### About this exercise
In the entries below, find the line containing "- by move=> a _ la na;". Write out that line and all lines after it, exactly, and nothing else.

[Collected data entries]

Lemma related_addtop_Some x b :
  (Some b \in related le' (Some x)) = (b \in related le x).
Proof.
rewrite /related basic_addtop lower_addtop upper_addtop.
case: ifP => _; first by rewrite !inE.
case: ifP => _.
  by rewrite !inE existsO plt_top_addtop.
case: ifP => _; last by rewrite !inE.
by rewrite !inE existsO lower_addtop assoc_set_addtop assoc_addtop.
Qed.

Lemma related_addtop_None x :
  (None \in related le' (Some x)) = lower le x && [forall c, pcomp le c x].
Proof.
rewrite /related basic_addtop lower_addtop upper_addtop.
case: ifP => [bx | _]; first by rewrite in_set0 /lower bx.
case: ifP => lx; last by case: ifP => _; rewrite !inE ?plt_top_addtop ?andbF.
rewrite inE existsO plt_addtop_top plt_top_addtop negb_exists /=.
by apply: eq_forallb => c; rewrite negbK.
Qed.

Lemma related_addtop x :
  related le' (Some x) =
    if lower le x && [forall c, pcomp le c x] then None |: Some @: related le x
    else Some @: related le x.
Proof.
apply/setP => -[b|]; case: ifP => cond;
  rewrite ?in_setU1 ?(mem_imset _ _ Some_inj) ?None_imset_Some //.
- by rewrite related_addtop_Some.
- by rewrite related_addtop_Some.
- by rewrite related_addtop_None.
- by rewrite related_addtop_None.
Qed.
End RelatedAddTop.

Theorem lemma3p15 (T : finType) (le : rel T) (A : {set T}) :
  isV le -> maximal_antichain le A ->
  (* (i) *)
  #|A :&: basics le| = #|(Some @: A) :&: basics (addtop le)| /\
  (* (ii) *)
  (forall a, a \in A -> upper le a ->
     related (addtop le) (Some a) = Some @: related le a) /\
  (* (iii) *)
  (forall a, a \in A -> lower le a -> ~~ assoc le a (basics le) ->
     related (addtop le) (Some a) = Some @: related le a) /\
  (* (iv) *)
  (forall a, a \in A -> lower le a -> assoc le a (basics le) ->
     related (addtop le) (Some a) = None |: (Some @: related le a)).
Proof.
move=> /isV_separated [po _ sep] _.
split; [|split; [|split]].
- by rewrite setI_basics_addtop card_imset //; apply: Some_inj.
- move=> a _ ua; rewrite related_addtop // ifN //; apply/andP => -[la].
  case/andP: ua => _ /existsP [b1 /andP [bb1 lt1a]].
  case/andP: la => _ /existsP [b2 /andP [bb2 lta2]].
  rewrite !inE in bb1 bb2.
  by apply/negP; apply: between_basics_incomparable bb1 bb2 lt1a lta2.
- by move=> a _ la na; rewrite related_addtop // -assoc_basicsE // la (negbTE na).
- by move=> a _ la aa; rewrite related_addtop // -assoc_basicsE // la aa.
Qed.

### Written answer
- by move=> a _ la na; rewrite related_addtop // -assoc_basicsE // la (negbTE na).
- by move=> a _ la aa; rewrite related_addtop // -assoc_basicsE // la aa.
Qed.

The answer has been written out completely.